When the project ended, a few months later, Shade signed up with PeopleReady, the national temp labor agency, to work on another utility-scale solar farm two hours away in Rockingham, North Carolina. Since then, Shade has lived on the road chasing solar projects, from Texas to Virginia to South Carolina to Nevada to Florida to Maryland to Georgia. "It's a hard life to live," said Shade. "You're always away from friends and family. Sometimes you don't know anybody."

Temp agencies are as common in the solar industry as they are in construction. Many workers are needed to install a solar field, but much fewer are needed once it's up and running. Besides PeopleReady, there's companies like WorkRise, 360 Industrial Services, Aerotek, and Tradesmen. Shade has worked for lots of different temp companies.

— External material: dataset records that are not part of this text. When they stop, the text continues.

Lemma rblock_diagL s n p (y : 'M[C]_(n.+1 * q, p)) a : (a <= n)%N ->
  rblock (diagL n s *m y) a = Lj s a *m rblock y a.
Proof.
rewrite -ltnS => an; rewrite -[a]/(val (Ordinal an)) rblock_blockq_mul.
rewrite (bigD1 (Ordinal an)) //= eqxx big1 ?addr0 // => b nb.
by rewrite eq_sym (negbTE nb) mul0mx.
Qed.

Lemma rblock_Tq n p (X : 'M[C]_(n.+1 * q, p)) a : (a <= n)%N ->
  rblock (ctr (Tq C q n) *m X) a = rblock X a.+1.
Proof.
rewrite -ltnS => an; rewrite /Tq ctr_blockq -[a]/(val (Ordinal an)) rblock_blockq_mul /=.
have [a1n|na1] := ltnP a.+1 n.+1; last first.
  rewrite rblock_out // big1 // => b _; rewrite ifN ?ctr0 ?mul0mx //.
  by rewrite neq_ltn (leq_trans (ltn_ord b) na1).
rewrite (bigD1 (Ordinal a1n)) //= eqxx ctr1 mul1mx big1 ?addr0 // => b nb.
by rewrite ifN ?ctr0 ?mul0mx //; apply: contra nb => /eqP e; apply/eqP/val_inj.
Qed.

(* Descending induction on the blocks of x: once x_b = 0 for b > j, the rows
   a <= j of H x = 0 give L_j^* x_j = 0, and x_j = L_j y_j then forces x_j = 0. *)
Lemma ker_Hk_range_diagL s n (x y : 'cV[C]_(n.+1 * q)) : psd (Hk n.+1 s) ->
  Hk n.+1 s *m x = 0 -> x = diagL n s *m y -> x = 0.
Proof.
move=> hP Hx xD; apply: rblock_inj => a _; rewrite rblock0; move: a.
apply: (downward_ind (n := n)) => [a na|j jn xj0]; first by rewrite rblock_out.
have hPj : psd (Hk j.+1 s) by apply: psd_Hk_le hP.
have Lx : Lj s j *m rblock x j = 0.
  rewrite -(Lj_herm hPj) -(schur_form (rblock x) hPj); apply: big1 => a _.
  have := congr1 (fun M => rblock M a) Hx.
  rewrite rblock0 rblock_Hk_mul; last by have := ltn_ord a; lia.
  rewrite (sum_widen_ord (jn : (j.+1 <= n.+1)%N)) => [/= ->|b jb]; first by rewrite mulmx0.
  by rewrite xj0 ?mulmx0.
have xjE : rblock x j = Lj s j *m rblock y j by rewrite xD rblock_diagL.
rewrite xjE in Lx *; apply: ctr_mul_eq0.
by rewrite ctrM (Lj_herm hPj) -mulmxA Lx mulmx0 mxE.
Qed.

(* U = (w_j v, 0, 0) has U^* H_{j+2} U = 0 because L_j v = 0, so H_{j+2} U = 0;
   block rows 1, ..., j+2 of this are the inner sums of schur_form at j+1 for the
   shifted vector (0, w_j v), whose right-hand side is L_{j+1} v. *)
Lemma ker_Lj_succ s j (v : 'cV[C]_q) : psd (Hk j.+3 s) ->
  Lj s j *m v = 0 -> Lj s j.+1 *m v = 0.
Proof.
move=> hP Lv.
have hP1 : psd (Hk j.+1 s) by apply: psd_Hk_le hP; lia.
have hP2 : psd (Hk j.+2 s) by apply: psd_Hk_le hP; lia.
have j3 : (j < j.+3)%N by lia.
pose U := stack j.+3 (fun b => schur_vec s j b *m v).
have HU : Hk j.+3 s *m U = 0.
  apply: psd_hform_ker hP _; rewrite hform_Hk big1 ?mxE // => a _.
  rewrite rblock_stack // (eq_bigr (fun b : 'I_j.+3 => s (a + b)%N *m (schur_vec s j b *m v))).
    rewrite (sum_mul_schur_vec s (fun b => s (a + b)%N)) //; case: (leqP a j) => [aj|ja].
      by rewrite hankel_schur_vec //; case: eqP => _; rewrite ?Lv ?mul0mx mulmx0.
    by rewrite schur_vec_out // mul0mx ctr0 mul0mx.
  by move=> b _; rewrite rblock_stack.
have HU_row r : (r < j.+3)%N -> (\sum_(b < j.+1) s (r + b)%N *m schur_vec s j b) *m v = 0.
  move=> rj; rewrite -(sum_mul_schur_vec s (fun b => s (r + b)%N) v j3).
  have := congr1 (fun M => rblock M r) HU; rewrite rblock0 rblock_Hk_mul // => HUr.
  by rewrite -[X in _ = X]HUr; apply: eq_bigr => b _; rewrite rblock_stack.
pose u b := if b is b'.+1 then schur_vec s j b' *m v else 0.
have uj : u j.+1 = v by rewrite /u schur_vec_diag mul1mx.
have := schur_form u hP2; rewrite (Lj_herm hP2) uj => <-.
apply: big1 => a _; rewrite big_ord_recl mulmx0 add0r.
suff -> : \sum_(b < j.+1) s (a + lift ord0 b)%N *m u (lift ord0 b) = 0 by rewrite mulmx0.
rewrite -[X in _ = X](HU_row a.+1 (ltn_ord a)) mulmx_suml; apply: eq_bigr => b _.
by rewrite /= mulmxA; congr (s _ *m _ *m _); rewrite /bump /=; lia.
Qed.

Lemma Lj_succ_range s j : psd (Hk j.+3 s) ->
  Lj s j *m (MPinv (Lj s j) *m Lj s j.+1) = Lj s j.+1.
Proof.
move=> hP; apply: herm_range_MPinv; first by apply: Lj_herm; apply: psd_Hk_le hP; lia.
move=> v Lv; rewrite Lj_herm ?(ker_Lj_succ hP Lv) //.
by apply: psd_Hk_le hP; lia.
Qed.

Lemma diagL_Tq_stable s n (x : 'cV[C]_(n.+1 * q)) : psd (Hk n.+2 s) ->
  inRange (diagL n s) x -> inRange (diagL n s) (ctr (Tq C q n) *m x).
Proof.
move=> hP [y ->]; exists (stack n.+1 (fun a => MPinv (Lj s a) *m Lj s a.+1 *m rblock y a.+1)).
apply: rblock_inj => a; rewrite ltnS => an.
rewrite rblock_Tq // [in RHS]rblock_diagL // rblock_stack ?ltnS //.
have [a_lt_n|] := ltnP a n.
  rewrite rblock_diagL // mulmxA Lj_succ_range //; apply: psd_Hk_le hP; lia.
by rewrite leq_eqVlt ltnNge an orbF => /eqP <-; rewrite !rblock_out ?mulmx0.
Qed.

Definition schur_mx s n : 'M[C]_(n.+1 * q) := blockq (fun a b : 'I_n.+1 => schur_vec s b a).

Lemma schur_mx_unit s n : schur_mx s n \in unitmx.
Proof.
apply: ker0_unitmx => x Wx; apply: rblock_inj => a _; rewrite rblock0; move: a.
apply: (downward_ind (n := n)) => [a na|j jn xj0]; first by rewrite rblock_out.
rewrite -ltnS in jn; have := congr1 (fun M => rblock M j) Wx.
rewrite rblock0 -[j]/(val (Ordinal jn)) rblock_blockq_mul /= => <-.
rewrite (bigD1 (Ordinal jn)) //= schur_vec_diag mul1mx big1 ?addr0 // => b nb.
case: (ltngtP b j) => [bj|jb|bj]; first by rewrite schur_vec_out // mul0mx.
  by rewrite xj0 // mulmx0.
by case/eqP: nb; apply: val_inj.
Qed.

For each project, Shade has had to negotiate with a recruiter on the phone over his hourly wages and a daily housing stipend, known as a per diem. In the solar industry, it's common to have two workers doing the same job for vastly different pay and living stipends, multiple solar workers and labor organizers told Motherboard. Nico Ries, an organizer at Green Workers Alliance who has engaged with hundreds of renewable energy workers, said getting paid a higher wage than other workers with the same experience often “boils down to nepotism.” “Workers often refer to it as the good ol’ boy system,” they said. Frequently, local hires and other newcomers to the industry who might commute an hour or two to get to a worksite do not receive per diem stipends.